**RECORDS FOR THE EXERCISE**
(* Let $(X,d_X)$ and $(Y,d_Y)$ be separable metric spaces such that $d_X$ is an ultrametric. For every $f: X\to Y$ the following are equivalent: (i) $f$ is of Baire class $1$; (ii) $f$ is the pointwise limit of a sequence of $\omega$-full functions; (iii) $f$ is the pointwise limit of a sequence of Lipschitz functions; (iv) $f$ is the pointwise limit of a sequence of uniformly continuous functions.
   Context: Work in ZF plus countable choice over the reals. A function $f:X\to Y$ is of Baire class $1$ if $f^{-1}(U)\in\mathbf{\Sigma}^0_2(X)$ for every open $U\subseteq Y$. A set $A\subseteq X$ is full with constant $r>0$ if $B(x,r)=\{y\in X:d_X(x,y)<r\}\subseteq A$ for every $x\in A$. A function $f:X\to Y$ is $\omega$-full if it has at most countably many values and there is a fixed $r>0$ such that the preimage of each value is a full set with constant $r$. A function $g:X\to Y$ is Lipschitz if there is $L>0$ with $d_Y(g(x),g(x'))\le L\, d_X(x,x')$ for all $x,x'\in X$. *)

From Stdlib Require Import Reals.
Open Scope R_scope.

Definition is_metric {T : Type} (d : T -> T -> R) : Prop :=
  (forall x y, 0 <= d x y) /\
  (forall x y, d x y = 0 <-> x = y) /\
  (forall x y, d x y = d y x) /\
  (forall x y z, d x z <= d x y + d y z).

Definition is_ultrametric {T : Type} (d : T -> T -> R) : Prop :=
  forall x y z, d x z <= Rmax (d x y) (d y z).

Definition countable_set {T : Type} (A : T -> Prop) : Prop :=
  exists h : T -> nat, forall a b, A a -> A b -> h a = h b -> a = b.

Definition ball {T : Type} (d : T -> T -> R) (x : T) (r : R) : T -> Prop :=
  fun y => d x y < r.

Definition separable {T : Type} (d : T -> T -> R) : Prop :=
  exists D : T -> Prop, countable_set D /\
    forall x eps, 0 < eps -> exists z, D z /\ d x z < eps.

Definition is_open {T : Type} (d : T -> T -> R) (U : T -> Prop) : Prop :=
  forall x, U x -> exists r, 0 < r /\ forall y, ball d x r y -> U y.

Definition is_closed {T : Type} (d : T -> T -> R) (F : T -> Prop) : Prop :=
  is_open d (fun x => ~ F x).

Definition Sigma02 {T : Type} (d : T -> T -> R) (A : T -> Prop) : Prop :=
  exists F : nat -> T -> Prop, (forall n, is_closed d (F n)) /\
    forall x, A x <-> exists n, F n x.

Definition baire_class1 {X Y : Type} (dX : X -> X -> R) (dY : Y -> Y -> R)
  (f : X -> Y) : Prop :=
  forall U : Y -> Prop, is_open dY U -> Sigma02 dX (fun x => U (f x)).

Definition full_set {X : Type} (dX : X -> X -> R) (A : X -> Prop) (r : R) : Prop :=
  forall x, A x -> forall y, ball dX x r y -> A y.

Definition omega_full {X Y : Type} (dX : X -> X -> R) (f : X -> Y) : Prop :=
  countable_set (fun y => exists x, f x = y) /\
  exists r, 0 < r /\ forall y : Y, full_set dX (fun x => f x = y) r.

**WHAT YOU WILL DO**
What is the number of lines in the listing that include "exists"? Answer with that number only.

**OUTPUT**
8